In the best case scenario, the moisture will move from the foundation to the main structure at a slow enough pace to warn the residents, who can then evacuate and take action to neutralize the damage. It can be prevented, but it takes time, money, and a process that includes layering stones and constructing a raised platform. It’s not impossible to build in a waterlogged area, but if you ignore this particular issue, you risk more than just money.
2. Soil conditions
Different types of soil can make or break your foundation. For example, loam, rock and sand or gravel make up for good, foundation-friendly soil. On the other hand, peat, clay, or silt are bad options because they tend to change their structure of shift, which can cause cracks in the foundation, which in turn weakens the whole structure. Again, it’s not impossible to build on these types of soil, but it does require extra effort.
3. Erosion of the ground
Another thing you need to account for is the erosion of the soil surrounding the foundation. If the top layer of the ground disappears, the retention of water in the remaining soil is made much more difficult. That means that the will get dry and wet more easily, which will mess with the structure and cause shifts, which can damage the foundation. Because of that, erosion needs to be taken into account when designing the foundation.
4. Effects and after-effects of construction
Construction itself has an effect on the ground. For example, vibrations from the piling, or changes made in excavation can cause changes in the soil itself. That means that, even if you start with good, solid ground for your foundation, it may not stay like that until the end of works. After-effects are important as well.
Consider the area carefully. Are there trees whose roots can mess up with the foundation? Is there a scheduled re-routing of a highway, or anything similar? All of those can have an adverse effect on the foundation, so it’s important to examine all risks.
5. Cost and speed
One of the biggest problems with building a foundation is that it can eat away at your time and money. Since there are so many issues to be found in the soil, problems that can emerge in the middle of the works, and additional materials and machines that you may have to use, the cost and speed of making a foundation is difficult to predict.

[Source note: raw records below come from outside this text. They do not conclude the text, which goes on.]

Lemma coef_skew_mul (K : finFieldType) (theta : K -> K) (u v : {poly K}) m :
  theta 0 = 0 ->
  (skew_mul theta u v)`_m = \sum_(i < m.+1) u`_i * iter i theta v`_(m - i).
Proof.
move=> theta0; rewrite coef_poly; case: ltnP => // uv_le_m.
apply/esym/big1 => i _; have [u_i | ] := ltnP i (size u); last first.
  by move=> u_le_i; rewrite nth_default ?mul0r.
rewrite [v`_ _]nth_default ?iter_fix ?mulr0 //.
(* [set] merges the syntactically different elaborations of [size u] for [lia]. *)
move: uv_le_m; rewrite -subn1 leq_subLR; set su := size u; set sv := size v; lia.
Qed.

Section LinearizedEval.
Variables (F L : finFieldType) (emb : {rmorphism F -> L}) (p s : nat).
Hypotheses (pcharF : p \in [pchar F]) (s_gt0 : (0 < s)%N).

Local Notation theta := (frob_theta p s).
Local Notation lin_eval := (linearized_eval emb p s).

Let p_prime : prime p := pcharf_prime pcharF.

Let pXs_gt1 : (1 < p ^ s)%N.
Proof. by rewrite -{1}(expn0 p) ltn_exp2l ?prime_gt1. Qed.

Let theta0 : theta (0 : F) = 0.
Proof. by rewrite /frob_theta expr0n expn_eq0 eqn0Ngt prime_gt0. Qed.

Lemma iter_frob_theta i (x : F) : iter i theta x = x ^+ ((p ^ s) ^ i).
Proof. by elim: i => [|i IHi] /=; rewrite ?expr1 // IHi /frob_theta -exprM expnSr. Qed.

Lemma linearized_eval_widen N (g : {poly F}) (x : L) : (size g <= N)%N ->
  lin_eval g x = \sum_(i < N) emb g`_i * x ^+ qbracket p s i.
Proof.
move=> szg; pose h i := emb g`_i * x ^+ qbracket p s i.
rewrite /linearized_eval (big_ord_widen N h szg) big_mkcond.
by apply: eq_bigr => i _; case: ltnP => // gi; rewrite nth_default ?rmorph0 ?mul0r.
Qed.
(* A circuit of length k is encoded as a sequence of triples (w_i, (v_i, v_{i+1}))
   with v_{k+1} = v_1, and {v_i, v_{i+1}} the endpoints of w_i. *)
Definition circuit (c : seq (E * (V * V))) : bool :=
  [&& (0 < size c)%N,
      map (fun t => t.2.2) c == rot 1 (map (fun t => t.2.1) c)
    & all (fun t => (ends t.1 == t.2) || (ends t.1 == (t.2.2, t.2.1))) c].

Definition eps (c : seq (E * (V * V))) (i : nat) : int :=
  if onth c i is Some t then (if ends t.1 == t.2 then 1 else -1) else 0.

(* Arnold class; index i is 0-based here, so (-1)^i becomes (-1)^(i+1) *)
Definition arnold (c : seq (E * (V * V))) : Lam :=
  \sum_(i < size c)
     [ffun S => (if odd r then eps c i else (-1) ^+ i.+1) *
                 prodl (map fst (take i c ++ drop i.+1 c)) S].

Definition inI (z : Lam) : Prop :=
  exists s : seq (Lam * seq (E * (V * V)) * Lam),
    all (fun t => circuit t.1.2) s /\
    z = \sum_(t <- s) lmul (lmul t.1.1 (arnold t.1.2)) t.2.

End Algebra.

Notation Lam E := {ffun {set E} -> int}.

(* The ring isomorphism R^r(Gamma1) = Lam1/I1  ~=  R^r(Gamma2) = Lam2/I2,
   expressed through set-theoretic lifts f, g of mutually inverse maps
   between the quotients, which are well defined and ring morphisms. *)
Definition quot_ring_hom (V E1 E2 : finType) (en1 : E1 -> V * V)
    (en2 : E2 -> V * V) (r : nat) (f : Lam E1 -> Lam E2) : Prop :=
  [/\ forall x y, inI en1 r (x - y) -> inI en2 r (f x - f y),
      forall x y, inI en2 r (f (x + y) - (f x + f y)),
      forall x y, inI en2 r (f (lmul r x y) - lmul r (f x) (f y))
    & inI en2 r (f (lone E1) - lone E2)].

Definition R_iso (V E1 E2 : finType) (en1 : E1 -> V * V)
    (en2 : E2 -> V * V) (r : nat) : Prop :=
  exists (f : Lam E1 -> Lam E2) (g : Lam E2 -> Lam E1),
    [/\ quot_ring_hom en1 en2 r f, quot_ring_hom en2 en1 r g,
        forall x, inI en1 r (g (f x) - x)
      & forall y, inI en2 r (f (g y) - y)].

Definition del_ends (V E : finType) (ends : E -> V * V) (e : E) :
  {b : E | b != e} -> V * V := fun b => ends (val b).
Arguments del_ends {V E} ends e.

From HB Require Import structures.
From mathcomp Require Import all_boot all_order all_algebra.
From mathcomp Require Import ring.
Set Implicit Arguments. Unset Strict Implicit. Unset Printing Implicit Defensive.
Import GRing.Theory.
Local Open Scope ring_scope.

(* Let e' be parallel to e, and let sigma = +-1 be such that
   sigma e_e' - e_e is, up to sign, the Arnold class of the 2-circuit (e, e').
   Substituting sigma e_e' for e_e defines an algebra map
   collapse : Lambda(Gamma) -> Lambda(Gamma \ e); it sends the Arnold class of
   a circuit to +- the Arnold class of the circuit rerouted through e'.  The
   inclusion embed : Lambda(Gamma \ e) -> Lambda(Gamma) sends circuits to
   circuits.  Now collapse o embed = id, while embed (collapse x) - x is a sum
   of multiples of sigma e_e' - e_e, hence lies in I(Gamma).  All maps are
   built as linear extensions of their values on the monomial basis e_S, and
   they are multiplicative as soon as they are so on basis elements. *)

Section LambdaAlgebra.
Variables (E : finType) (r : nat).
Implicit Types (x y z : Lam E) (S T U : {set E}).

Definition basis S : Lam E := [ffun T => ((T == S) : nat)%:Z].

This problem can be more or less avoided by using reliable and experienced contractors, such as Jonishan contractors for excavations, and so on. Make sure every part of the works is done by an experienced team, and it will ensure not only the quality but also the most approximate prediction for cost and speed of the works.
6. The effect of construction on the adjoining structures
Make sure you understand the risks your construction can pose for the adjoining structures. Excavations can cause damage to the foundations of nearby buildings. Dewatering and vibration can have similarly harmful effects, so you need to account for those as well. If your works threaten the surrounding buildings, you may be held accountable, and you can be prosecuted.
Sure, the design part takes a bit of fretting over, but the importance of a strong foundation more than justifies it. A badly made foundation makes the building unsafe for the residents and the environment, so make sure you go through all the issues that can arise before you even start the works.